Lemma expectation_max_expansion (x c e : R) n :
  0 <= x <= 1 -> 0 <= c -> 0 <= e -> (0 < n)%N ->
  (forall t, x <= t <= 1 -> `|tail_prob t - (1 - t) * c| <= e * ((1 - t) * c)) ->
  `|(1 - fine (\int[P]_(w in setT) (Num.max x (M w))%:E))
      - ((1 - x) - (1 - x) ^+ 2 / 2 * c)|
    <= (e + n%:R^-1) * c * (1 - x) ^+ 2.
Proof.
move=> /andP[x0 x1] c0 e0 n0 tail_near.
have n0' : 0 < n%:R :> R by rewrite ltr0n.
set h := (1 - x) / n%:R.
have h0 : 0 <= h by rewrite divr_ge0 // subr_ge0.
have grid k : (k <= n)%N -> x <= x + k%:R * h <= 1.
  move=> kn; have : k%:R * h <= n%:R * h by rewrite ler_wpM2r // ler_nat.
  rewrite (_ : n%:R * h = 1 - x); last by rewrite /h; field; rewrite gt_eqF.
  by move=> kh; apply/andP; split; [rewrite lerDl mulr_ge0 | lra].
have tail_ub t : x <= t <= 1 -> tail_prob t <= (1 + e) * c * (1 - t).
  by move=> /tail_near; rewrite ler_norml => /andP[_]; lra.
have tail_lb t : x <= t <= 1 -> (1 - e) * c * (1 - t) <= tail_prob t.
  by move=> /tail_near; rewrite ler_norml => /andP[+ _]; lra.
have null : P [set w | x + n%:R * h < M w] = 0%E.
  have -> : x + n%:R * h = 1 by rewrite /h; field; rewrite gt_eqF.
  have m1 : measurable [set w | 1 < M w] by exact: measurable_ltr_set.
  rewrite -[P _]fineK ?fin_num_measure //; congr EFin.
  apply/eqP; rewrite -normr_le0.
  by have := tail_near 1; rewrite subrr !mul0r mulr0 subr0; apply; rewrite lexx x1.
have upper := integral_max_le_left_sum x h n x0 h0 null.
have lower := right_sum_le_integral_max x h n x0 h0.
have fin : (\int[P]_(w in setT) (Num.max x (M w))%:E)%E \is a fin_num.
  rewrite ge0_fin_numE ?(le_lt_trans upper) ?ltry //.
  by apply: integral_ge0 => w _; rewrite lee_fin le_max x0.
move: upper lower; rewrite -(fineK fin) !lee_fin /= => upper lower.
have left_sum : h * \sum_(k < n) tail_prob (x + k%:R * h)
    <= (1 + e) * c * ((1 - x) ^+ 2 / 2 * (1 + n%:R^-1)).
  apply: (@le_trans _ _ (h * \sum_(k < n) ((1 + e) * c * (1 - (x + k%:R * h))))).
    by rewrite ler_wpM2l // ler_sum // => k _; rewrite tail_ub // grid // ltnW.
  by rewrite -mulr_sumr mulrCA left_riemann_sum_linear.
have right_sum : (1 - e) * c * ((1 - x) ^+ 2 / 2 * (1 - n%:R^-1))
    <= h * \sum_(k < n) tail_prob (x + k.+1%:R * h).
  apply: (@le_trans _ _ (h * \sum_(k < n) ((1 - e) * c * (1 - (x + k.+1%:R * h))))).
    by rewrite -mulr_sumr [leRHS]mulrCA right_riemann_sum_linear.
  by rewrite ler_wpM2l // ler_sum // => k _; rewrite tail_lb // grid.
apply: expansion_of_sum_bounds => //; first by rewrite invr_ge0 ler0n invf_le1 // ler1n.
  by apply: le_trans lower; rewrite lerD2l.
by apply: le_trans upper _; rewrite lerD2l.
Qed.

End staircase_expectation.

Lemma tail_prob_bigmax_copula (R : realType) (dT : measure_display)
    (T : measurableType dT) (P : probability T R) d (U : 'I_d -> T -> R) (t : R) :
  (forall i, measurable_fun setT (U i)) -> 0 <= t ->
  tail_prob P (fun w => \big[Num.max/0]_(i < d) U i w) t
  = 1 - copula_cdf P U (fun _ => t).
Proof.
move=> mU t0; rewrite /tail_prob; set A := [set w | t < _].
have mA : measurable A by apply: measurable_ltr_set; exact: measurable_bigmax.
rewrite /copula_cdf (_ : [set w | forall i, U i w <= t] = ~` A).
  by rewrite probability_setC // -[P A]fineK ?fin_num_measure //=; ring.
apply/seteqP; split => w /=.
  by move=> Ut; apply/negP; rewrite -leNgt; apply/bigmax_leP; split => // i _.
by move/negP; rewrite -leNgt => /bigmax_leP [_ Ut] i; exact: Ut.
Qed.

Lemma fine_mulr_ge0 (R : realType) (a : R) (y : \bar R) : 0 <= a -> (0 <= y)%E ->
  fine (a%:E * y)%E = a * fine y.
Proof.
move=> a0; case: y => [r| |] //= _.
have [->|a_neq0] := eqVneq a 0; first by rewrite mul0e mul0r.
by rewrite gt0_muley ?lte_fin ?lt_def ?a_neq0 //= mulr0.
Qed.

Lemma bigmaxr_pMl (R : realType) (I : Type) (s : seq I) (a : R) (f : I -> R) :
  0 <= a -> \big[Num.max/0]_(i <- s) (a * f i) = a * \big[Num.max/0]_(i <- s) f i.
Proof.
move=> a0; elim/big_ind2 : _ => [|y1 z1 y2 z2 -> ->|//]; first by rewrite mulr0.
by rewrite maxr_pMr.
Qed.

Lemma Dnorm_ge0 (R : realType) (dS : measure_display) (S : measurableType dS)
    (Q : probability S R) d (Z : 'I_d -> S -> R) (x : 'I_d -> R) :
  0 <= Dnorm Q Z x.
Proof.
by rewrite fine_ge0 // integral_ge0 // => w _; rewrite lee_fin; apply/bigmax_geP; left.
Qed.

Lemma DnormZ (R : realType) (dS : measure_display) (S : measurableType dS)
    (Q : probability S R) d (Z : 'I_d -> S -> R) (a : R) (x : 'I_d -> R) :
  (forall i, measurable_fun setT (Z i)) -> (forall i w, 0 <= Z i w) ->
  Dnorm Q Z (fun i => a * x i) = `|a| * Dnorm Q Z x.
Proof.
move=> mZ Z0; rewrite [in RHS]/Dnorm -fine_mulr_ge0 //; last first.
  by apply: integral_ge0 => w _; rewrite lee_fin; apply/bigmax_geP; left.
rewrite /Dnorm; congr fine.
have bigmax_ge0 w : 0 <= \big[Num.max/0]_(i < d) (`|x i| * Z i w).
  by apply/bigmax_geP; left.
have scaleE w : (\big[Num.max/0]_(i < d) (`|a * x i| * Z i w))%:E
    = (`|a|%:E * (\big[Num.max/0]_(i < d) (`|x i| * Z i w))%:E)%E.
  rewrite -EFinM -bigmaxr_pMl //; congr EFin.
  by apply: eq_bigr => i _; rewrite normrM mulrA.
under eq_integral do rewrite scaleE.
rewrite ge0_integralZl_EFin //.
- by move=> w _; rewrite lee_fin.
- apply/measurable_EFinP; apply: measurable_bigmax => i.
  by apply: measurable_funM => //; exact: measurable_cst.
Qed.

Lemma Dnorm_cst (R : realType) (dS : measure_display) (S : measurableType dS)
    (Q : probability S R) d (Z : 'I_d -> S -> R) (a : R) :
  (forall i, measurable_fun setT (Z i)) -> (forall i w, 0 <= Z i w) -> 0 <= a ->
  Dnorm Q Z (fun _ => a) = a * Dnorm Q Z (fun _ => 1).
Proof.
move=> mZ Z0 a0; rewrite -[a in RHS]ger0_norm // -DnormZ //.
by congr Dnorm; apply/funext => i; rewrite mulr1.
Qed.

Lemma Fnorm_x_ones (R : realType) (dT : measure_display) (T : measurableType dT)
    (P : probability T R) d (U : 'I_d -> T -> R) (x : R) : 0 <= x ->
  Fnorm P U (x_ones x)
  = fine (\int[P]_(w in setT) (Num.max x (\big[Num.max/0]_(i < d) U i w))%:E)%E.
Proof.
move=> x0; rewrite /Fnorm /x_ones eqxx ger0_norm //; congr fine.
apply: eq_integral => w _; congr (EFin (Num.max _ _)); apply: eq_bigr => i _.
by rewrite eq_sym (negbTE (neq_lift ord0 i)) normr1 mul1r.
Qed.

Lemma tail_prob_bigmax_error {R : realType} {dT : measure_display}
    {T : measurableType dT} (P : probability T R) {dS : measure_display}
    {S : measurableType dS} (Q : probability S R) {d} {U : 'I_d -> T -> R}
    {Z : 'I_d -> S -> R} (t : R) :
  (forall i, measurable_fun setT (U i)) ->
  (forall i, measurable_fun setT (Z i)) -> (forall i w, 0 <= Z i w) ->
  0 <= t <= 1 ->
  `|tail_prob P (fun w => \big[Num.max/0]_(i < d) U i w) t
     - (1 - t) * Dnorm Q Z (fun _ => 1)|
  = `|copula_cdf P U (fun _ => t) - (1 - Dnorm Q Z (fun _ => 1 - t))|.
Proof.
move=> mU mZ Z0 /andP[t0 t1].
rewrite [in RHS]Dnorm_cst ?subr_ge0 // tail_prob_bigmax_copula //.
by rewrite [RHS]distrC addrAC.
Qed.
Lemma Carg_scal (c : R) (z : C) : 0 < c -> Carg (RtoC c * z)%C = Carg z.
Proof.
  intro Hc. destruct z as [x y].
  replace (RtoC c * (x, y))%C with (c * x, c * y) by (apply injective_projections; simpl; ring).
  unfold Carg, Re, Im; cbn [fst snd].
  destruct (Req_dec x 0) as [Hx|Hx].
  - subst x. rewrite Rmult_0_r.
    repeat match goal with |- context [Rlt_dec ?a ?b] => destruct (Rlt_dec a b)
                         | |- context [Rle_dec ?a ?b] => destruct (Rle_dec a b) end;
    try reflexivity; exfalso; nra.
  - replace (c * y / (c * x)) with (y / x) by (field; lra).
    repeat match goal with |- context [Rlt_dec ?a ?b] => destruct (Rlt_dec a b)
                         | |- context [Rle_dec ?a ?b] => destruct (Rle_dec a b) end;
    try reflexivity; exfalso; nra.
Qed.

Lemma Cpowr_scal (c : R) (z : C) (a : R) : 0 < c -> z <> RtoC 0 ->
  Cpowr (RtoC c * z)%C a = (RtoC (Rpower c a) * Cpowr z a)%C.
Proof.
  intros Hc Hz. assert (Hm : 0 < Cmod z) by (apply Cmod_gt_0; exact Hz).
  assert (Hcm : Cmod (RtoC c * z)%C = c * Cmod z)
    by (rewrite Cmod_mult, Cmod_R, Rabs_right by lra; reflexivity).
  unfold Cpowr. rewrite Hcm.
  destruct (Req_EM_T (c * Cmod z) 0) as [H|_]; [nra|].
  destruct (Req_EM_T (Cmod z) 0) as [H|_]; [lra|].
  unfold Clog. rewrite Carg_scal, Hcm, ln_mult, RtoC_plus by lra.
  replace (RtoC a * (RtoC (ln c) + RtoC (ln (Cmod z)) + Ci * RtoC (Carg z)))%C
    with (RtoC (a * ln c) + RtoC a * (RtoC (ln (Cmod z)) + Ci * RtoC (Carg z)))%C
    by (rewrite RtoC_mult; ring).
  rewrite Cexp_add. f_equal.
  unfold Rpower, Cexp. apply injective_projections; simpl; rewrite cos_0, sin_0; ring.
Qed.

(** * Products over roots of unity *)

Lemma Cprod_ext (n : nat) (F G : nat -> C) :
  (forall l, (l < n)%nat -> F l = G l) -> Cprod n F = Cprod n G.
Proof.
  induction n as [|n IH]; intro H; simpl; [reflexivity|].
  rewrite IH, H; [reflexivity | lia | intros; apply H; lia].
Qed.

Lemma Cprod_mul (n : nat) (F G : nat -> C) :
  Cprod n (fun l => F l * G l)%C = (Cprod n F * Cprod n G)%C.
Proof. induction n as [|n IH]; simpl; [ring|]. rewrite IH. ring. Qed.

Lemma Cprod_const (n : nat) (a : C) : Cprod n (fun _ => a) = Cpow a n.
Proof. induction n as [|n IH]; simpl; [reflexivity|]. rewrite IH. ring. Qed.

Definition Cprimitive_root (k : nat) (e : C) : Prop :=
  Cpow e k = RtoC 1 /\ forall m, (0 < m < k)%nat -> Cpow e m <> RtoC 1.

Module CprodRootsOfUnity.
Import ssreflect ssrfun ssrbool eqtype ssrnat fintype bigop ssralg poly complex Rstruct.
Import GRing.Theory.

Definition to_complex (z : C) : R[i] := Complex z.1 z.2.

• • •

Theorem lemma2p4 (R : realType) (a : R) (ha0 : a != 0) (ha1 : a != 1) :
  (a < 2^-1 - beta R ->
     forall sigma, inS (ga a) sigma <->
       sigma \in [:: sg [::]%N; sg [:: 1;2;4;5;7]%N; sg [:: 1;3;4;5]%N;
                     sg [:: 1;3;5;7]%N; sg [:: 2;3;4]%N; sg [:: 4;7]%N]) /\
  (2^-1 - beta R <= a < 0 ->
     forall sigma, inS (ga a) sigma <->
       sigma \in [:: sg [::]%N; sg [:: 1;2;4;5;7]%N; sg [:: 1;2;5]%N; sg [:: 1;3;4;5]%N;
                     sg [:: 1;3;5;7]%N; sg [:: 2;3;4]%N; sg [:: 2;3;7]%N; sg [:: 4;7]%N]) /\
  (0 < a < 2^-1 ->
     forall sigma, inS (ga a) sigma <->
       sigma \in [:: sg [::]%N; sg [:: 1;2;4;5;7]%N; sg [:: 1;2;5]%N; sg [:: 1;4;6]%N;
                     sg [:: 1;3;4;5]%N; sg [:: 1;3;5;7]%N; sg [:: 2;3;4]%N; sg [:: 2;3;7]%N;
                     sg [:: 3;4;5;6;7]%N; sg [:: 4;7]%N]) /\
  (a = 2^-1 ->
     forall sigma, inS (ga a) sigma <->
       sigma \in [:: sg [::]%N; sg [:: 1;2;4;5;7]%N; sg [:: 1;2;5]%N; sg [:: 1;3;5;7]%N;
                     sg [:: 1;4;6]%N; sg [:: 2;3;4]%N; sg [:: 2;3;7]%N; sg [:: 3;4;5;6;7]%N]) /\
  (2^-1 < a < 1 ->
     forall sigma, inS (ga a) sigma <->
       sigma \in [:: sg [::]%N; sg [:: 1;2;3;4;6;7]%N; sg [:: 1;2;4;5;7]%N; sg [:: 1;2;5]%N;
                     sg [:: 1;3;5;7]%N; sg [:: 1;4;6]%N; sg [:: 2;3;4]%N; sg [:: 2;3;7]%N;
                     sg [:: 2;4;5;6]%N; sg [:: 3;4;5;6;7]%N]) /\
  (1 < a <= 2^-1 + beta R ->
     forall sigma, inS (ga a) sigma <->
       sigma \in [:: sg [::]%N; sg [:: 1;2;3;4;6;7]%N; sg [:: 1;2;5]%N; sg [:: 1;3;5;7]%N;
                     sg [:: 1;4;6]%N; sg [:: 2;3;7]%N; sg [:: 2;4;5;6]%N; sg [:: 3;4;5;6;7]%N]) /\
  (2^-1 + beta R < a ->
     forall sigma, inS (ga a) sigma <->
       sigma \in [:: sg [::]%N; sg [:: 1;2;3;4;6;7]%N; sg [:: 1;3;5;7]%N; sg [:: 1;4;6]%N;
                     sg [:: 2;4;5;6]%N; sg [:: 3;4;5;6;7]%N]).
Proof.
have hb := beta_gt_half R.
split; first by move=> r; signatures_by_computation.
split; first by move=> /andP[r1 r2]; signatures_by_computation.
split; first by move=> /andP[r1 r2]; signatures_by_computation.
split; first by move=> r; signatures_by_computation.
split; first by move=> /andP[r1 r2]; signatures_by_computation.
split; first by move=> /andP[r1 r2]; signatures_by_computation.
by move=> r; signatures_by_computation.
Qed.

• • •

| What you should do |
Beginning with the line that has "rewrite (_ : n%:R" and ending with the line that has "by rewrite ler_wpM2l // ler_sum // => k _; rewrite tail_ub", set down the lines above exactly and include no others.

| Output of the task |
  rewrite (_ : n%:R * h = 1 - x); last by rewrite /h; field; rewrite gt_eqF.
  by move=> kh; apply/andP; split; [rewrite lerDl mulr_ge0 | lra].
have tail_ub t : x <= t <= 1 -> tail_prob t <= (1 + e) * c * (1 - t).
  by move=> /tail_near; rewrite ler_norml => /andP[_]; lra.
have tail_lb t : x <= t <= 1 -> (1 - e) * c * (1 - t) <= tail_prob t.
  by move=> /tail_near; rewrite ler_norml => /andP[+ _]; lra.
have null : P [set w | x + n%:R * h < M w] = 0%E.
  have -> : x + n%:R * h = 1 by rewrite /h; field; rewrite gt_eqF.
  have m1 : measurable [set w | 1 < M w] by exact: measurable_ltr_set.
  rewrite -[P _]fineK ?fin_num_measure //; congr EFin.
  apply/eqP; rewrite -normr_le0.
  by have := tail_near 1; rewrite subrr !mul0r mulr0 subr0; apply; rewrite lexx x1.
have upper := integral_max_le_left_sum x h n x0 h0 null.
have lower := right_sum_le_integral_max x h n x0 h0.
have fin : (\int[P]_(w in setT) (Num.max x (M w))%:E)%E \is a fin_num.
  rewrite ge0_fin_numE ?(le_lt_trans upper) ?ltry //.
  by apply: integral_ge0 => w _; rewrite lee_fin le_max x0.
move: upper lower; rewrite -(fineK fin) !lee_fin /= => upper lower.
have left_sum : h * \sum_(k < n) tail_prob (x + k%:R * h)
    <= (1 + e) * c * ((1 - x) ^+ 2 / 2 * (1 + n%:R^-1)).
  apply: (@le_trans _ _ (h * \sum_(k < n) ((1 + e) * c * (1 - (x + k%:R * h))))).
    by rewrite ler_wpM2l // ler_sum // => k _; rewrite tail_ub // grid // ltnW.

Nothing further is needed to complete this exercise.